_YOUR ASSIGNMENT_
Where the word "move" occurs in a line of the data, return the whole line.

Stored items
+===+
Lemma right_deriv_locally_affine f x c rho : 0 < rho ->
  (forall h, 0 < h < rho -> f (x + h) - f x = c * h) -> right_deriv f x c.
Proof.
  intros Hrho Hf eps Heps. exists rho. split; auto. intros h Hh1 Hh2.
  rewrite Hf by lra. replace (c * h / h - c) with 0 by (field; lra). rewrite Rabs_R0; lra.
Qed.

Lemma left_deriv_locally_affine_unique f x l c rho : 0 < rho -> left_deriv f x l ->
  (forall h, - rho < h < 0 -> f (x + h) - f x = c * h) -> l = c.
Proof.
  intros Hrho Hd Hf. destruct (Req_dec l c) as [|Hne]; auto.
  destruct (Hd (Rabs (l - c))) as [delta [Hdelta Hq]]; [apply Rabs_pos_lt; lra|].
  set (h := - Rmin delta rho / 2).
  assert (Hmin : 0 < Rmin delta rho) by (apply Rmin_glb_lt; auto).
  pose proof (Rmin_l delta rho). pose proof (Rmin_r delta rho).
  specialize (Hq h ltac:(unfold h; lra) ltac:(unfold h; lra)).
  rewrite Hf in Hq by (unfold h; lra).
  replace (c * h / h - l) with (- (l - c)) in Hq by (field; unfold h; lra).
  rewrite Rabs_Ropp in Hq. lra.
Qed.

Lemma right_deriv_locally_affine_unique f x l c rho : 0 < rho -> right_deriv f x l ->
  (forall h, 0 < h < rho -> f (x + h) - f x = c * h) -> l = c.
Proof.
  intros Hrho Hd Hf. destruct (Req_dec l c) as [|Hne]; auto.
  destruct (Hd (Rabs (l - c))) as [delta [Hdelta Hq]]; [apply Rabs_pos_lt; lra|].
  set (h := Rmin delta rho / 2).
  assert (Hmin : 0 < Rmin delta rho) by (apply Rmin_glb_lt; auto).
  pose proof (Rmin_l delta rho). pose proof (Rmin_r delta rho).
  specialize (Hq h ltac:(unfold h; lra) ltac:(unfold h; lra)).
  rewrite Hf in Hq by (unfold h; lra).
  replace (c * h / h - l) with (- (l - c)) in Hq by (field; unfold h; lra).
  rewrite Rabs_Ropp in Hq. lra.
Qed.

Lemma affine_limit_value (f : R -> R) x0 c a (S : R -> Prop) :
  (forall eps, 0 < eps -> exists delta, 0 < delta /\
      forall y, S y -> Rabs (y - x0) < delta -> Rabs (f y - f x0) < eps) ->
  (forall h, 0 < h -> exists y, Rabs (y - x0) < h /\ S y /\ f y = c + a * (y - x0)) ->
  f x0 = c.
Proof.
  intros Hc Hp. destruct (Req_dec (f x0) c) as [|Hne]; auto.
  set (d := Rabs (f x0 - c)).
  assert (Hd : 0 < d) by (apply Rabs_pos_lt; lra).
  destruct (Hc (d / 2)) as [delta [Hdelta Hc2]]; [lra|].
  assert (Ha : 0 < Rabs a + 1) by (pose proof (Rabs_pos a); lra).
  set (h := Rmin delta (d / (2 * (Rabs a + 1)))).
  assert (Hh : 0 < h) by (apply Rmin_glb_lt; auto; apply Rdiv_lt_0_compat; lra).
  destruct (Hp h Hh) as [y [Hy1 [Hy2 Hy3]]].
  assert (Hyd : Rabs (y - x0) < delta) by (eapply Rlt_le_trans; [exact Hy1 | apply Rmin_l]).
  specialize (Hc2 y Hy2 Hyd).
  assert (Hyh : Rabs (y - x0) <= d / (2 * (Rabs a + 1)))
    by (left; eapply Rlt_le_trans; [exact Hy1 | apply Rmin_r]).
  assert (Hb : Rabs (f y - c) <= Rabs a * (d / (2 * (Rabs a + 1)))).
  { rewrite Hy3. replace (c + a * (y - x0) - c) with (a * (y - x0)) by ring. rewrite Rabs_mult.
    apply Rmult_le_compat_l; auto. apply Rabs_pos. }
  assert (Hb2 : Rabs a * (d / (2 * (Rabs a + 1))) < d / 2).
  { apply Rmult_lt_reg_r with (2 * (Rabs a + 1)); [lra|].
    replace (Rabs a * (d / (2 * (Rabs a + 1))) * (2 * (Rabs a + 1))) with (Rabs a * d)
      by (field; lra).
    nra. }
  assert (d <= Rabs (f x0 - f y) + Rabs (f y - c)).
  { unfold d. replace (f x0 - c) with ((f x0 - f y) + (f y - c)) by ring. apply Rabs_triang. }
  rewrite Rabs_minus_sym in Hc2. lra.
Qed.

Lemma Rle_of_affine_le_right A B c d E : 0 < E ->
  (forall h, 0 < h < E -> A + c * h <= B + d * h) -> A <= B.
Proof.
  intros HE H. destruct (Rle_dec A B) as [|Hn]; auto. exfalso.
  set (K := Rabs c + Rabs d + 1).
  assert (HK : 0 < K) by (unfold K; pose proof (Rabs_pos c); pose proof (Rabs_pos d); lra).
  set (h := Rmin (E / 2) ((A - B) / (2 * K))).
  assert (Hh : 0 < h) by (apply Rmin_glb_lt; [lra | apply Rdiv_lt_0_compat; lra]).
  assert (Hh1 : h <= E / 2) by apply Rmin_l.
  assert (Hh2 : K * h <= (A - B) / 2).
  { apply Rle_trans with (K * ((A - B) / (2 * K))).
    - apply Rmult_le_compat_l; [lra | apply Rmin_r].
    - right. field. lra. }
  specialize (H h ltac:(lra)).
  pose proof (Rle_abs d). pose proof (Rle_abs (- c)). rewrite Rabs_Ropp in *.
  unfold K in Hh2. nra.
Qed.

Lemma in_block_iff lo hi j : in_block lo hi j = true <-> (lo <= j <= hi)%nat.
Proof. unfold in_block. rewrite Bool.andb_true_iff, !Nat.leb_le. tauto. Qed.

Lemma in_block_false lo hi j : in_block lo hi j = false <-> ~ (lo <= j <= hi)%nat.
Proof. rewrite <- in_block_iff. destruct (in_block lo hi j); intuition congruence. Qed.

Ltac case_in_block lo hi j :=
  let E := fresh "E" in
  destruct (in_block lo hi j) eqn:E;
  [apply in_block_iff in E | apply in_block_false in E].

Lemma if_mul_indicator (b : bool) h : (if b then h else 0) = (if b then 1 else 0) * h.
Proof. destruct b; ring. Qed.

Lemma Rabs_if_le (b : bool) x : Rabs (if b then x else 0) <= Rabs x.
Proof. destruct b; [lra|]. rewrite Rabs_R0. apply Rabs_pos. Qed.

Lemma sumR_ext f g m : (forall j, (j < m)%nat -> f j = g j) -> sumR f m = sumR g m.
Proof.
  induction m; simpl; intros H; auto. rewrite IHm by (intros; apply H; lia). rewrite H by lia. auto.
Qed.

Lemma sumR_plus f g m : sumR (fun j => f j + g j) m = sumR f m + sumR g m.
Proof. induction m; simpl; [lra|]. rewrite IHm. ring. Qed.

Lemma sumR_scal c f m : sumR (fun j => c * f j) m = c * sumR f m.
Proof. induction m; simpl; [ring|]. rewrite IHm. ring. Qed.

Lemma sumR_const c m : sumR (fun _ => c) m = INR m * c.
Proof. induction m; simpl sumR; [simpl; ring|]. rewrite IHm, S_INR. ring. Qed.

Lemma sumR_shift f m : sumR f (S m) = f 0%nat + sumR (fun j => f (S j)) m.
Proof. induction m; simpl in *; [ring|]. rewrite IHm. ring. Qed.

Lemma sumR_zero f m : (forall j, (j < m)%nat -> f j = 0) -> sumR f m = 0.
Proof. intros H. rewrite (sumR_ext f (fun _ => 0)) by auto. rewrite sumR_const. ring. Qed.

Lemma sumR_indicator h c m : (h < m)%nat ->
  sumR (fun j => if Nat.eqb j h then c else 0) m = c.
Proof.
  induction m; intros Hh; [lia|]. simpl.
  destruct (Nat.eq_dec h m) as [->|Hne].
  - rewrite sumR_zero, Nat.eqb_refl; [ring|].
    intros j Hj. destruct (Nat.eqb_spec j m); [lia|auto].
  - rewrite IHm by lia. destruct (Nat.eqb_spec m h); [lia|ring].
Qed.

Lemma sumR_vanishing_tail f a m : (a <= m)%nat -> (forall j, (a <= j)%nat -> f j = 0) ->
  sumR f m = sumR f a.
Proof.
  induction m; intros Ha H.
  - replace a with 0%nat by lia. auto.
  - destruct (Nat.eq_dec a (S m)) as [->|Hne]; auto.
    simpl. rewrite IHm, (H m) by (auto; lia). ring.
Qed.

Lemma sumR_in_block_rev lo d : forall f,
  sumR (fun j => if in_block lo (lo + d) j then f (lo + d - j)%nat else 0) (S (lo + d)) =
  sumR f (S d).
Proof.
  induction d; intros f.
  - simpl sumR at 1. rewrite sumR_zero.
    + rewrite Nat.add_0_r, Nat.sub_diag.
      replace (in_block lo lo lo) with true by (symmetry; apply in_block_iff; lia).
      simpl. ring.
    + intros j Hj. case_in_block lo (lo + 0)%nat j; auto; lia.
  - replace (S (lo + S d)) with (S (S (lo + d))) by lia.
    change (sumR ?g (S ?k)) with (sumR g k + g k) at 1.
    rewrite (sumR_ext _ (fun j => if in_block lo (lo + d) j then f (S (lo + d - j)) else 0)).
    + rewrite (IHd (fun m => f (S m))).
      replace (in_block lo (lo + S d) (S (lo + d))) with true
        by (symmetry; apply in_block_iff; lia).
      replace (lo + S d - S (lo + d))%nat with 0%nat by lia.
      rewrite (sumR_shift f (S d)). ring.
    + intros j Hj. case_in_block lo (lo + S d)%nat j; case_in_block lo (lo + d)%nat j;
        try lia; auto.
      replace (lo + S d - j)%nat with (S (lo + d - j)) by lia. auto.
Qed.

Lemma sumR_in_block lo hi n f : (lo <= hi)%nat -> (hi < n)%nat ->
  sumR (fun j => if in_block lo hi j then f (hi - j)%nat else 0) n = sumR f (hi - lo + 1).
Proof.
  intros H1 H2.
  rewrite (sumR_vanishing_tail _ (S hi))
    by (try lia; intros j Hj; case_in_block lo hi j; auto; lia).
  pose proof (sumR_in_block_rev lo (hi - lo) f) as H.
  replace (lo + (hi - lo))%nat with hi in H by lia. rewrite H. f_equal. lia.
Qed.

Definition clamp (x d : R) : R := Rmin (Rmax x 0) d.

Lemma clamp_lo x d : x <= 0 -> 0 <= d -> clamp x d = 0.
Proof. unfold clamp, Rmin, Rmax; intros; repeat destruct Rle_dec; lra. Qed.
Lemma clamp_mid x d : 0 <= x <= d -> clamp x d = x.
Proof. unfold clamp, Rmin, Rmax; intros; repeat destruct Rle_dec; lra. Qed.
Lemma clamp_hi x d : d <= x -> 0 <= d -> clamp x d = d.
Proof. unfold clamp, Rmin, Rmax; intros; repeat destruct Rle_dec; lra. Qed.
Lemma clamp_bounds x d : 0 <= d -> 0 <= clamp x d <= d.
Proof. unfold clamp, Rmin, Rmax; intros; repeat destruct Rle_dec; lra. Qed.
Lemma clamp_mono x y d : x <= y -> clamp x d <= clamp y d.
Proof. unfold clamp, Rmin, Rmax; intros; repeat destruct Rle_dec; lra. Qed.

Lemma sumR_clamp e d k : 0 <= e -> 0 <= d ->
  sumR (fun m => clamp (e - INR m * d) d) k = Rmin e (INR k * d).
Proof.
  intros He Hd. induction k.
  - simpl. unfold Rmin. destruct Rle_dec; lra.
  - simpl sumR. rewrite IHk, S_INR.
    assert (0 <= INR k * d) by (apply Rmult_le_pos; auto; apply pos_INR).
    set (A := INR k * d) in *. replace ((INR k + 1) * d) with (A + d) by (unfold A; ring).
    destruct (Rle_dec e A); [rewrite clamp_lo by lra|].
    2: destruct (Rle_dec e (A + d)); [rewrite clamp_mid by lra | rewrite clamp_hi by lra].
    all: unfold Rmin; repeat destruct Rle_dec; lra.
Qed.

Lemma INR_mul_le a b d : (a <= b)%nat -> 0 <= d -> INR a * d <= INR b * d.
Proof. intros. apply Rmult_le_compat_r; auto. apply le_INR; auto. Qed.

Lemma exists_step_left K d e : 0 < d -> 0 < e <= INR K * d ->
  exists m, (m < K)%nat /\ INR m * d < e <= INR (S m) * d.
Proof.
  induction K; intros Hd He; [simpl in He; lra|].
  destruct (Rle_dec e (INR K * d)).
  - destruct (IHK Hd ltac:(lra)) as [m [H1 H2]]. exists m; split; auto; lia.
  - exists K. split; [lia|]. rewrite S_INR in *. lra.
Qed.

Lemma exists_step_right K d e : 0 < d -> 0 <= e < INR K * d ->
  exists m, (m < K)%nat /\ INR m * d <= e < INR (S m) * d.
Proof.
  induction K; intros Hd He; [simpl in He; lra|].
  destruct (Rlt_dec e (INR K * d)).
  - destruct (IHK Hd ltac:(lra)) as [m [H1 H2]]. exists m; split; auto; lia.
  - exists K. split; [lia|]. rewrite S_INR in *. lra.
Qed.

Lemma clamp_on_step i m d e : 0 < d -> INR m * d <= e <= INR (S m) * d ->
  clamp (e - INR i * d) d =
  (if (i <? m)%nat then d else if (i =? m)%nat then e - INR m * d else 0).
Proof.
  intros Hd He. rewrite S_INR in He.
  destruct (Nat.ltb_spec i m).
  - apply clamp_hi; [|lra]. pose proof (INR_mul_le (S i) m d ltac:(lia) ltac:(lra)).
    rewrite S_INR in *. lra.
  - destruct (Nat.eqb_spec i m).
    + subst. apply clamp_mid. lra.
    + apply clamp_lo; [|lra]. pose proof (INR_mul_le (S m) i d ltac:(lia) ltac:(lra)).
      rewrite S_INR in *. lra.
Qed.

(* The increment at time [e] of component [j] on a staircase over the block [lo..hi]:
   components [hi], [hi - 1], ..., [lo] rise with slope 1 for time [d] each, after which
   [hi] alone keeps rising. *)
Definition staircase (lo hi : nat) (d e : R) (j : nat) : R :=
  (if in_block lo hi j then clamp (e - INR (hi - j) * d) d else 0) +
  (if Nat.eqb j hi then Rmax 0 (e - INR (hi - lo + 1) * d) else 0).
Lemma descent_above x y : s0 <= x -> s0 <= y ->
  l y <= l x + derive1 l x * (y - x) + H / 2 * (y - x) ^+ 2.
Proof.
move=> hx hy; set c := derive1 l x.
pose g u := l u - (c * u + H / 2 * (u - x) ^+ 2).
have dg (u : R) : is_derive u 1 g (derive1 l u - (c + H / 2 * (2 * (u - x)))).
  apply: is_deriveB; first exact: is_derive_derive1.
  apply: is_deriveD.
    apply: is_derive_eq (is_deriveZ c (@is_derive_id _ _ u 1)) _.
    by rewrite /= /GRing.scale /= mulr1.
  have -> : (fun z => H / 2 * (z - x) ^+ 2) = (H / 2) \*: (shift (- x)) ^+ 2.
    by apply/funext => z /=; rewrite /GRing.scale /= !expr2.
  apply: is_derive_eq (is_deriveZ _ (is_deriveX 2 (@is_derive_shift _ u 1 (- x)))) _.
  by rewrite /GRing.scale /= expr1 mulr1 /shift mulr2n mulrDl mul1r.
have gcont a b : {within `[a, b], continuous g}.
  by apply: derivable_within_continuous => z _; case: (dg z).
(* g' (z) = l'(z) - l'(x) - H (z - x) has the sign of x - z, so x maximizes g *)
suff : g y <= g x by rewrite /g subrr expr0n /= mulr0 addr0; lra.
have [xy|yx|<-//] := ltgtP x y.
- have [z /andP[xz _] E] := MVT xy (fun z _ => dg z) (gcont x y).
  rewrite -subr_le0 E pmulr_lle0 ?subr_gt0 //.
  have := lip_const_aboveP derive1_lip (le_trans hx (ltW xz)) hx.
  by rewrite [`|z - x|]gtr0_norm ?subr_gt0 // ler_norml /c => /andP[_]; lra.
- have [z /andP[yz zx] E] := MVT yx (fun z _ => dg z) (gcont y x).
  rewrite -subr_ge0 E pmulr_lge0 ?subr_gt0 //.
  have := lip_const_aboveP derive1_lip (le_trans hy (ltW yz)) hx.
  by rewrite [`|z - x|]ltr0_norm ?subr_lt0 // ler_norml /c => /andP[]; lra.
Qed.

End DescentLemma.

Section SumOfSquares.
Variable R : realFieldType.

Lemma sqrD_le (n Q S x : R) : 0 <= n -> 0 <= Q -> S ^+ 2 <= n * Q ->
  (S + x) ^+ 2 <= (n + 1) * (Q + x ^+ 2).
Proof.
move=> n0 Q0 SQ; have [n_eq0 | n_neq0] := eqVneq n 0.
  rewrite n_eq0 mul0r in SQ; rewrite n_eq0.
  have -> : S = 0 by apply/eqP; rewrite -sqrf_eq0 eq_le sqr_ge0 andbT.
  nra.
have n_gt0 : 0 < n by rewrite lt_def n_neq0.
(* expanding, the claim is n x^2 - 2 S x + Q >= 0, i.e. n (n x^2 - 2 S x + Q) >= (S - n x)^2 *)
have : 0 <= (S - n * x) ^+ 2 by apply: sqr_ge0.
have : 0 <= n * (Q + n * x ^+ 2 - 2 * S * x) -> 0 <= Q + n * x ^+ 2 - 2 * S * x.
  by rewrite pmulr_rge0.
nra.
Qed.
+===+
_ANSWER_
move=> hx hy; set c := derive1 l x.
move=> n0 Q0 SQ; have [n_eq0 | n_neq0] := eqVneq n 0.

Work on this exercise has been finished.